ASSIGNMENT: Beginning with the line below that contains "Solving G X" and ending with the line that contains "Variable C : numFieldType.", copy every line exactly. Copy nothing else.

DATA FOR REVIEW:
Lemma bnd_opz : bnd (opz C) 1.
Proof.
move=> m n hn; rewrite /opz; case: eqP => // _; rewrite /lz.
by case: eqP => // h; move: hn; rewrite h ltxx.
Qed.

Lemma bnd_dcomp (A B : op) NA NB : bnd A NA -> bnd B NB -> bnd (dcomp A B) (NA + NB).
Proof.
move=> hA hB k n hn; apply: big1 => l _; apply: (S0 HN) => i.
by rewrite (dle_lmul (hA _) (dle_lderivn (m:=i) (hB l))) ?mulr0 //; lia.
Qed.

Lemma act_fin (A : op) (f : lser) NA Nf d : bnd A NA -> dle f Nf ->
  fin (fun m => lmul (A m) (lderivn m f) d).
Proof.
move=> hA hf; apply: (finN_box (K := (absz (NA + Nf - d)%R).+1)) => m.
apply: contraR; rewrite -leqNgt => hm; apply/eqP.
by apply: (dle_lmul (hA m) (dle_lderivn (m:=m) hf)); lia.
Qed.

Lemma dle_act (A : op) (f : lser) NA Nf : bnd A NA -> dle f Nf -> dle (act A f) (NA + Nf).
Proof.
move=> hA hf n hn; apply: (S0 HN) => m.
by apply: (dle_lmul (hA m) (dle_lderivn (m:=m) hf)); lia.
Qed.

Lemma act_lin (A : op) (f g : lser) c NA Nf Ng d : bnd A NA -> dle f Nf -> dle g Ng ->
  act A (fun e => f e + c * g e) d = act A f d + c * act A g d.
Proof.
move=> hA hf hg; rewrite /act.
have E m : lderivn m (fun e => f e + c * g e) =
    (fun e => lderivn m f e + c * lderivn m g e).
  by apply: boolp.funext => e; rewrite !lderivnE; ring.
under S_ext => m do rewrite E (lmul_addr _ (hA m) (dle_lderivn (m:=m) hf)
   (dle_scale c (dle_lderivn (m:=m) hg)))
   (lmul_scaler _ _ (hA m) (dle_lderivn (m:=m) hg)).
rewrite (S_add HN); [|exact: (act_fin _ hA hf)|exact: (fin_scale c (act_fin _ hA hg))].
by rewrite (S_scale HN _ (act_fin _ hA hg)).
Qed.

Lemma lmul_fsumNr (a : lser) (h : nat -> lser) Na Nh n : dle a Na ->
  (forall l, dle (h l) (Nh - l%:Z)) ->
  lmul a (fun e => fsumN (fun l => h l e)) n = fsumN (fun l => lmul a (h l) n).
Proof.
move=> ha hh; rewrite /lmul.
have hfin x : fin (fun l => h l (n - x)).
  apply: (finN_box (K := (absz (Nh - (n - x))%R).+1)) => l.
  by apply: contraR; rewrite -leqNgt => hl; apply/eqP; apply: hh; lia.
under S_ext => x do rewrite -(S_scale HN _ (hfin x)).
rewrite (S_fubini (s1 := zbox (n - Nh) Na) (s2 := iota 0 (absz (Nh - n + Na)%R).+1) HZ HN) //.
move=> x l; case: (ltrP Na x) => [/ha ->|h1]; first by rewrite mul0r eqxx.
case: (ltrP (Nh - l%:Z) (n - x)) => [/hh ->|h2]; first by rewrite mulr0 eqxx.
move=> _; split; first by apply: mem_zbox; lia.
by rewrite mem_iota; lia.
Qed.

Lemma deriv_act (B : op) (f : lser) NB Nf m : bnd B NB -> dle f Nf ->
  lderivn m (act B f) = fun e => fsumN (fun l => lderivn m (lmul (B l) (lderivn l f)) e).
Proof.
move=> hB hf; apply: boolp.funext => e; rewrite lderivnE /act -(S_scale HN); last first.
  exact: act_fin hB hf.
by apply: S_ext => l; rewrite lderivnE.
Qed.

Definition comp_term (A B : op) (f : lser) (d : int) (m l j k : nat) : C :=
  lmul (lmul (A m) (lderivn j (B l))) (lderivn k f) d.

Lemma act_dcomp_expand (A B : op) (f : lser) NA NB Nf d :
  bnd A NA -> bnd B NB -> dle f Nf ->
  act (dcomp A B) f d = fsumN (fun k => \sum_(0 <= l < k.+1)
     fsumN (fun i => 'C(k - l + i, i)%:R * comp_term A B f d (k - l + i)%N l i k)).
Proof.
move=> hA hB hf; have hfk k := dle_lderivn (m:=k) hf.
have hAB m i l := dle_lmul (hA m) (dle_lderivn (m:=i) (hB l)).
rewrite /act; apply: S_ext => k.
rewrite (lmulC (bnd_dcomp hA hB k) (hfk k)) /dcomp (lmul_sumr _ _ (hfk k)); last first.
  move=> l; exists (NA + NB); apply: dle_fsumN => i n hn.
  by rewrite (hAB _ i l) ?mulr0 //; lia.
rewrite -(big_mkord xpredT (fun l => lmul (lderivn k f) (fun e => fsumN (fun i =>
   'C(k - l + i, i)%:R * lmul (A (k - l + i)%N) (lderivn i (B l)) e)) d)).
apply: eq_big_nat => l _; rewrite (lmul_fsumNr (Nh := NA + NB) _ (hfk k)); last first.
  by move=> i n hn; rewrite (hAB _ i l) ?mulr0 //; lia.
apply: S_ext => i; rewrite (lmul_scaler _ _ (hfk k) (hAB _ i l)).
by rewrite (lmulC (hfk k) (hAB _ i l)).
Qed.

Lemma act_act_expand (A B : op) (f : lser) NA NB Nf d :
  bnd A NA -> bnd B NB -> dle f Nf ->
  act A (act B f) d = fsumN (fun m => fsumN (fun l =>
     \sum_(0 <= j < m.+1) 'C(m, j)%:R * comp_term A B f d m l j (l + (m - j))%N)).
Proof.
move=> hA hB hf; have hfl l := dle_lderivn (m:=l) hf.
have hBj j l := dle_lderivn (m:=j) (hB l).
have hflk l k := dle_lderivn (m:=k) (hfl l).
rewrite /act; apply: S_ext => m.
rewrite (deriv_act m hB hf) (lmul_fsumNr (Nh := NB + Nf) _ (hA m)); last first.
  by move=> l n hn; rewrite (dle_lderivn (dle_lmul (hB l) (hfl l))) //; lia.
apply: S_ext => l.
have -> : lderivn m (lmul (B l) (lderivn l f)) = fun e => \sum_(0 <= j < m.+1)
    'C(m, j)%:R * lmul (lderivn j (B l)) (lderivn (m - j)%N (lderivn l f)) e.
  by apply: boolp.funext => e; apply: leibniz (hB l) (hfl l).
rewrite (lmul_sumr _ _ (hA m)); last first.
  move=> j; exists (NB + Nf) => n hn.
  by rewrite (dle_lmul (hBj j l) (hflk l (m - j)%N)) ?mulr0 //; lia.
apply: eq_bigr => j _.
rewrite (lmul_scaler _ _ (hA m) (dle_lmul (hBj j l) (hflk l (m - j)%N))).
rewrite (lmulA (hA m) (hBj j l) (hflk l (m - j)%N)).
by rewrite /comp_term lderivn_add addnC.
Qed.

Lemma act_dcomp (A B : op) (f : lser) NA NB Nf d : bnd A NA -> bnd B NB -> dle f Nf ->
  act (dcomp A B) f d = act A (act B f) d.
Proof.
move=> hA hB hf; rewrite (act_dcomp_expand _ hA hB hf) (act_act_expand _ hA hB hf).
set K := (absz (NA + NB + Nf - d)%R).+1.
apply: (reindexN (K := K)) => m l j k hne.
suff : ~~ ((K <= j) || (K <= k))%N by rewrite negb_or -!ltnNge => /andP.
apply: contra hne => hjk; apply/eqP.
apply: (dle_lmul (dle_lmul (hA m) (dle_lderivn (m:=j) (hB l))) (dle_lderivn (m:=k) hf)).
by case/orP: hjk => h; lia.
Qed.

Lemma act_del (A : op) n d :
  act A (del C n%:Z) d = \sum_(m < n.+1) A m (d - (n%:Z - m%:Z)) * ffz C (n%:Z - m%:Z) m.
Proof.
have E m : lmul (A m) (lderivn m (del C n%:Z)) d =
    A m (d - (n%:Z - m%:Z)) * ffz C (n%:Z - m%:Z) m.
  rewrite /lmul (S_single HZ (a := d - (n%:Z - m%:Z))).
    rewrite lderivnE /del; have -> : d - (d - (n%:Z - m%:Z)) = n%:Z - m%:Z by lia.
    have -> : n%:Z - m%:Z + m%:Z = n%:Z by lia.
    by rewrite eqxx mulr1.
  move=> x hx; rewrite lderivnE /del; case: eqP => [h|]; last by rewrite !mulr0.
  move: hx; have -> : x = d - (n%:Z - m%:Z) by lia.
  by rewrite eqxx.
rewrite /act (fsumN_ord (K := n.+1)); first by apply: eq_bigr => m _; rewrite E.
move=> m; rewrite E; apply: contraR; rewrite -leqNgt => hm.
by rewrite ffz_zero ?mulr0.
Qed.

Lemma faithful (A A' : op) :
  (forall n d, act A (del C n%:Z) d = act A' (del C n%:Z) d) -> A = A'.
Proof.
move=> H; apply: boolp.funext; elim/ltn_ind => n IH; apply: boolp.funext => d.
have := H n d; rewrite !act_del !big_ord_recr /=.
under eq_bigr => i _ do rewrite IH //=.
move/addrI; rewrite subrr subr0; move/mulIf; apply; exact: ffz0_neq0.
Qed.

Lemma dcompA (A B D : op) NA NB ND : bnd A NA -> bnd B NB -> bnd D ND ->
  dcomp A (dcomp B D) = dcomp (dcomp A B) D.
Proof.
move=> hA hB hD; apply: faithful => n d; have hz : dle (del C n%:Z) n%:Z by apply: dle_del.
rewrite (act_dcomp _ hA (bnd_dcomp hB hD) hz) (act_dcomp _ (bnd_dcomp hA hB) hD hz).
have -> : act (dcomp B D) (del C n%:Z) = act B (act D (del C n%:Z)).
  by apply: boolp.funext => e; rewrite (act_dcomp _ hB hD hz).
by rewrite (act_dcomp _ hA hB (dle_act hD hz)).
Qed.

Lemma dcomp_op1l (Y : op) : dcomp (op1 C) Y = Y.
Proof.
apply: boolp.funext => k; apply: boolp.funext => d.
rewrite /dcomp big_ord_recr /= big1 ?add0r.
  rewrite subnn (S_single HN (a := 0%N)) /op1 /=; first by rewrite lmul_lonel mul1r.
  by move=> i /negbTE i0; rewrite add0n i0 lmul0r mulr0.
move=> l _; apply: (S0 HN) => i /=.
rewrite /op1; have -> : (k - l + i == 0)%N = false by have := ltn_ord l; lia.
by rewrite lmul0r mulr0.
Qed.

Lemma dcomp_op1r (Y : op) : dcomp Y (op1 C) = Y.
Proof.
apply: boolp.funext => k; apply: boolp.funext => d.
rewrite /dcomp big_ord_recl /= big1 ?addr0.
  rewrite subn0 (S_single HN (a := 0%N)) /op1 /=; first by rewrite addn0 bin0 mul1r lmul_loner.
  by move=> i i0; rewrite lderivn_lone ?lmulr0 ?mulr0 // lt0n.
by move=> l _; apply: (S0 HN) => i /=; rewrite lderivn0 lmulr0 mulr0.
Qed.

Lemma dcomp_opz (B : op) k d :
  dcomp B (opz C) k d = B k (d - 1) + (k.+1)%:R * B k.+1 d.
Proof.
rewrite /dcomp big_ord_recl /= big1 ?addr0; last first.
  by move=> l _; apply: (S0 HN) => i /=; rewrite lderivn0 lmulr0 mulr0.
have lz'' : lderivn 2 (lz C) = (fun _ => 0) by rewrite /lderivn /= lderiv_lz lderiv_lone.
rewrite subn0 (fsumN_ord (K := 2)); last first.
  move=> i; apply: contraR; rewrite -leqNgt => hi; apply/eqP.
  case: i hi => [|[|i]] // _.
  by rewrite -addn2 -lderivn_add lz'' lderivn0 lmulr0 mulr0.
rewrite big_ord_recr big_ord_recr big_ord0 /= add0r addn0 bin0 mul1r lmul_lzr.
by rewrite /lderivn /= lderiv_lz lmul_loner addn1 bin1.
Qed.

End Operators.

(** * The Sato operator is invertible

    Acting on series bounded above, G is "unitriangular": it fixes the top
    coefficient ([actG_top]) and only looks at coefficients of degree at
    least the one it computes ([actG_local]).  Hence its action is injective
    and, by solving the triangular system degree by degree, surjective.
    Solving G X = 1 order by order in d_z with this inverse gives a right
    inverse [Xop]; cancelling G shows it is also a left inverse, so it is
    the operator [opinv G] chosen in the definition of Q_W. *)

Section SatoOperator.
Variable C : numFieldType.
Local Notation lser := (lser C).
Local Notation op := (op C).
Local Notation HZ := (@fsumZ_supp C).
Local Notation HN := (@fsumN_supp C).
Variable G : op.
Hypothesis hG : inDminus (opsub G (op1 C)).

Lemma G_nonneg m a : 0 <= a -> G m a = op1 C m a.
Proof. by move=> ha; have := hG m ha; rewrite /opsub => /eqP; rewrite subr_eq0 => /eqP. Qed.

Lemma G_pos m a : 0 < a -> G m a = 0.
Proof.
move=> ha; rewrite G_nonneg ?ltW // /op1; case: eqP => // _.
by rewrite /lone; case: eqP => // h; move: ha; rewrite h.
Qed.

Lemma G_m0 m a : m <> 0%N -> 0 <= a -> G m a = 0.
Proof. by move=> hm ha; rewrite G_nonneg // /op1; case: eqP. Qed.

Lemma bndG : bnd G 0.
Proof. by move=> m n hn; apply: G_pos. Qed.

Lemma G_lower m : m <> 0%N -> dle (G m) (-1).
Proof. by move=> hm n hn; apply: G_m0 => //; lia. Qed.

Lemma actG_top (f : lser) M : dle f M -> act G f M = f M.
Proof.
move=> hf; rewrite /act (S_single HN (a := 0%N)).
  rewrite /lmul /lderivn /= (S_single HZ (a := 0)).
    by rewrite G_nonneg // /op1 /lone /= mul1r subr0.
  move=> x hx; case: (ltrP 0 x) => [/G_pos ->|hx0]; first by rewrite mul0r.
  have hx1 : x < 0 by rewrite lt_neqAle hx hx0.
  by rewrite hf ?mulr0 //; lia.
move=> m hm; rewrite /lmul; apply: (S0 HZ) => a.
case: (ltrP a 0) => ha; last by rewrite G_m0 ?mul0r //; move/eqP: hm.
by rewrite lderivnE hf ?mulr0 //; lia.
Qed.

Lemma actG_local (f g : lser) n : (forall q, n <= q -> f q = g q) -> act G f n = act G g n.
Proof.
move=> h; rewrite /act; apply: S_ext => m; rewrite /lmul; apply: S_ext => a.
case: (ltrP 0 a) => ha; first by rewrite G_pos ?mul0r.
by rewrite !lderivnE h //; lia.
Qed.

SOLUTION FOR THIS TASK:
    Solving G X = 1 order by order in d_z with this inverse gives a right
    inverse [Xop]; cancelling G shows it is also a left inverse, so it is
    the operator [opinv G] chosen in the definition of Q_W. *)

Section SatoOperator.
Variable C : numFieldType.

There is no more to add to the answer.